◆ WHAT TO PRODUCE ◆
Each line of the listing is to be copied exactly.

◆ TASK INPUTS ◆
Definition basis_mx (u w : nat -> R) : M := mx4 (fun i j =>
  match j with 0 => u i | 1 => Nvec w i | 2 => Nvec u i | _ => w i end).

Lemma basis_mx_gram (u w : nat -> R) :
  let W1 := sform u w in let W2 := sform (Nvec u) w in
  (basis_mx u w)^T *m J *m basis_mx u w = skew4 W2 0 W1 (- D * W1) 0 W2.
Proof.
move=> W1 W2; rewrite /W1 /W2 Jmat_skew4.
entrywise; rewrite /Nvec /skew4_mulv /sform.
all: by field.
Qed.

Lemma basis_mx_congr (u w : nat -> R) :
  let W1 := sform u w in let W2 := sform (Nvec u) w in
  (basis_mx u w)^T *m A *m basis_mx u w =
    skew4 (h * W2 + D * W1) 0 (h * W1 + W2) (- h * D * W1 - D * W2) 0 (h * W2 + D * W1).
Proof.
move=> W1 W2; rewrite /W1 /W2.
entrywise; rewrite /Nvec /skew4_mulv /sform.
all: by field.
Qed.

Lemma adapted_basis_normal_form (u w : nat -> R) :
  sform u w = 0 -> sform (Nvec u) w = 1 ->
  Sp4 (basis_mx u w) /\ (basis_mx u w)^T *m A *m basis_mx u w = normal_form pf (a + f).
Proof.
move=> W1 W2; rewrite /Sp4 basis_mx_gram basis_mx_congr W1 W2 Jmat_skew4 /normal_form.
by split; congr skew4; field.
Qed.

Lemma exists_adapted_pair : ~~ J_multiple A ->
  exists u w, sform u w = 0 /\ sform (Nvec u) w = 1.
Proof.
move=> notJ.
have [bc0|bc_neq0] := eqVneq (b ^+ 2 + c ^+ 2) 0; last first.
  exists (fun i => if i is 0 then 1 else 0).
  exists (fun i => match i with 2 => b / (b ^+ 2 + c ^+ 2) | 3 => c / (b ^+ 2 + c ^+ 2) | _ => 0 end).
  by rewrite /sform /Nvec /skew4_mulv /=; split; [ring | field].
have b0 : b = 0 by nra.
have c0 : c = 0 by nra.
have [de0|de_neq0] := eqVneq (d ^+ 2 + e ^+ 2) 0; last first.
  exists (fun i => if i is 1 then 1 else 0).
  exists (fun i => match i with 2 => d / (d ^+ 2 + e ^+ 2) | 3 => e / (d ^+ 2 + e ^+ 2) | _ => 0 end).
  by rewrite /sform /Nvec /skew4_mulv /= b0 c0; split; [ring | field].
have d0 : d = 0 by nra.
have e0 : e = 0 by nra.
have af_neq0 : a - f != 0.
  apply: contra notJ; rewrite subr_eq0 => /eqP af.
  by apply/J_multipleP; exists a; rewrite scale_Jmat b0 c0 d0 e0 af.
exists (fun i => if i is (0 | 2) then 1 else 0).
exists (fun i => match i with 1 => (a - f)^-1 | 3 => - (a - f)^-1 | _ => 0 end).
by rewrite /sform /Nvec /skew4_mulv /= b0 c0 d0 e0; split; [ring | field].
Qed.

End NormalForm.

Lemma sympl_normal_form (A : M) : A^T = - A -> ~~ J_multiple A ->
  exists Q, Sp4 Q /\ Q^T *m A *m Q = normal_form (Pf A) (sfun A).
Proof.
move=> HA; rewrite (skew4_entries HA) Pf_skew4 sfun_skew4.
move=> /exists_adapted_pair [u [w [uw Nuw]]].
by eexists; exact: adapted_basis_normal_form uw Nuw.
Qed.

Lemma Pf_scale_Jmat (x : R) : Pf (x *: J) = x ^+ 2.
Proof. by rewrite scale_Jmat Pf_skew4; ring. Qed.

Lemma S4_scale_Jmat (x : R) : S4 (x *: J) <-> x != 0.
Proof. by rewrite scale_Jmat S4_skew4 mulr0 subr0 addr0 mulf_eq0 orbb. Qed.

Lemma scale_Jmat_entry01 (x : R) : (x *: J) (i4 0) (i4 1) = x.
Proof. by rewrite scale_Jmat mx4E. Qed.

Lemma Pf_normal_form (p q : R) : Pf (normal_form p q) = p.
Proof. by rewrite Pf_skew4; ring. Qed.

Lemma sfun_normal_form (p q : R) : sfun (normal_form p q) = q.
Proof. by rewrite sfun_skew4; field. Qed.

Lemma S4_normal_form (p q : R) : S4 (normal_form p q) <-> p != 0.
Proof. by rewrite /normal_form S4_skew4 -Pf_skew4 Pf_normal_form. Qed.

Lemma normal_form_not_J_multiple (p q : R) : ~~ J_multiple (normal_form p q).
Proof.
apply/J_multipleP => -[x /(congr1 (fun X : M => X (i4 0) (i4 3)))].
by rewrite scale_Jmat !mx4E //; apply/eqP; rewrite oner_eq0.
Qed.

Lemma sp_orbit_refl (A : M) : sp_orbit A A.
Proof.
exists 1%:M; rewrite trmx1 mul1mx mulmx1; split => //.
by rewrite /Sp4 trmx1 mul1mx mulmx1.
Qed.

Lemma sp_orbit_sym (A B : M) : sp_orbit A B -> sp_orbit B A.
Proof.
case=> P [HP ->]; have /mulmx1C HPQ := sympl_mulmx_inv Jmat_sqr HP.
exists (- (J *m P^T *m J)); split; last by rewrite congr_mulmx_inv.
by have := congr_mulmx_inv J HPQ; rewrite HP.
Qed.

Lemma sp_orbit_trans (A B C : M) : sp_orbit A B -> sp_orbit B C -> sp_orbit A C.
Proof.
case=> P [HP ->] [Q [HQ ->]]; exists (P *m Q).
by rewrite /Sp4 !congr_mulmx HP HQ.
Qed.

◆ ANSWER SECTION ◆
Definition basis_mx (u w : nat -> R) : M := mx4 (fun i j =>
  match j with 0 => u i | 1 => Nvec w i | 2 => Nvec u i | _ => w i end).

Lemma basis_mx_gram (u w : nat -> R) :
  let W1 := sform u w in let W2 := sform (Nvec u) w in
  (basis_mx u w)^T *m J *m basis_mx u w = skew4 W2 0 W1 (- D * W1) 0 W2.
Proof.
move=> W1 W2; rewrite /W1 /W2 Jmat_skew4.
entrywise; rewrite /Nvec /skew4_mulv /sform.
all: by field.
Qed.

Lemma basis_mx_congr (u w : nat -> R) :
  let W1 := sform u w in let W2 := sform (Nvec u) w in
  (basis_mx u w)^T *m A *m basis_mx u w =
    skew4 (h * W2 + D * W1) 0 (h * W1 + W2) (- h * D * W1 - D * W2) 0 (h * W2 + D * W1).
Proof.
move=> W1 W2; rewrite /W1 /W2.
entrywise; rewrite /Nvec /skew4_mulv /sform.
all: by field.
Qed.

Lemma adapted_basis_normal_form (u w : nat -> R) :
  sform u w = 0 -> sform (Nvec u) w = 1 ->
  Sp4 (basis_mx u w) /\ (basis_mx u w)^T *m A *m basis_mx u w = normal_form pf (a + f).
Proof.
move=> W1 W2; rewrite /Sp4 basis_mx_gram basis_mx_congr W1 W2 Jmat_skew4 /normal_form.
by split; congr skew4; field.
Qed.

Lemma exists_adapted_pair : ~~ J_multiple A ->
  exists u w, sform u w = 0 /\ sform (Nvec u) w = 1.
Proof.
move=> notJ.
have [bc0|bc_neq0] := eqVneq (b ^+ 2 + c ^+ 2) 0; last first.
  exists (fun i => if i is 0 then 1 else 0).
  exists (fun i => match i with 2 => b / (b ^+ 2 + c ^+ 2) | 3 => c / (b ^+ 2 + c ^+ 2) | _ => 0 end).
  by rewrite /sform /Nvec /skew4_mulv /=; split; [ring | field].
have b0 : b = 0 by nra.
have c0 : c = 0 by nra.
have [de0|de_neq0] := eqVneq (d ^+ 2 + e ^+ 2) 0; last first.
  exists (fun i => if i is 1 then 1 else 0).
  exists (fun i => match i with 2 => d / (d ^+ 2 + e ^+ 2) | 3 => e / (d ^+ 2 + e ^+ 2) | _ => 0 end).
  by rewrite /sform /Nvec /skew4_mulv /= b0 c0; split; [ring | field].
have d0 : d = 0 by nra.
have e0 : e = 0 by nra.
have af_neq0 : a - f != 0.
  apply: contra notJ; rewrite subr_eq0 => /eqP af.
  by apply/J_multipleP; exists a; rewrite scale_Jmat b0 c0 d0 e0 af.
exists (fun i => if i is (0 | 2) then 1 else 0).
exists (fun i => match i with 1 => (a - f)^-1 | 3 => - (a - f)^-1 | _ => 0 end).
by rewrite /sform /Nvec /skew4_mulv /= b0 c0 d0 e0; split; [ring | field].
Qed.

End NormalForm.

Lemma sympl_normal_form (A : M) : A^T = - A -> ~~ J_multiple A ->
  exists Q, Sp4 Q /\ Q^T *m A *m Q = normal_form (Pf A) (sfun A).
Proof.
move=> HA; rewrite (skew4_entries HA) Pf_skew4 sfun_skew4.
move=> /exists_adapted_pair [u [w [uw Nuw]]].
by eexists; exact: adapted_basis_normal_form uw Nuw.
Qed.

Lemma Pf_scale_Jmat (x : R) : Pf (x *: J) = x ^+ 2.
Proof. by rewrite scale_Jmat Pf_skew4; ring. Qed.

Lemma S4_scale_Jmat (x : R) : S4 (x *: J) <-> x != 0.
Proof. by rewrite scale_Jmat S4_skew4 mulr0 subr0 addr0 mulf_eq0 orbb. Qed.

Lemma scale_Jmat_entry01 (x : R) : (x *: J) (i4 0) (i4 1) = x.
Proof. by rewrite scale_Jmat mx4E. Qed.

Lemma Pf_normal_form (p q : R) : Pf (normal_form p q) = p.
Proof. by rewrite Pf_skew4; ring. Qed.

Lemma sfun_normal_form (p q : R) : sfun (normal_form p q) = q.
Proof. by rewrite sfun_skew4; field. Qed.

Lemma S4_normal_form (p q : R) : S4 (normal_form p q) <-> p != 0.
Proof. by rewrite /normal_form S4_skew4 -Pf_skew4 Pf_normal_form. Qed.

Lemma normal_form_not_J_multiple (p q : R) : ~~ J_multiple (normal_form p q).
Proof.
apply/J_multipleP => -[x /(congr1 (fun X : M => X (i4 0) (i4 3)))].
by rewrite scale_Jmat !mx4E //; apply/eqP; rewrite oner_eq0.
Qed.

Lemma sp_orbit_refl (A : M) : sp_orbit A A.
Proof.
exists 1%:M; rewrite trmx1 mul1mx mulmx1; split => //.
by rewrite /Sp4 trmx1 mul1mx mulmx1.
Qed.

Lemma sp_orbit_sym (A B : M) : sp_orbit A B -> sp_orbit B A.
Proof.
case=> P [HP ->]; have /mulmx1C HPQ := sympl_mulmx_inv Jmat_sqr HP.
exists (- (J *m P^T *m J)); split; last by rewrite congr_mulmx_inv.
by have := congr_mulmx_inv J HPQ; rewrite HP.
Qed.

Lemma sp_orbit_trans (A B C : M) : sp_orbit A B -> sp_orbit B C -> sp_orbit A C.
Proof.
case=> P [HP ->] [Q [HQ ->]]; exists (P *m Q).
by rewrite /Sp4 !congr_mulmx HP HQ.
Qed.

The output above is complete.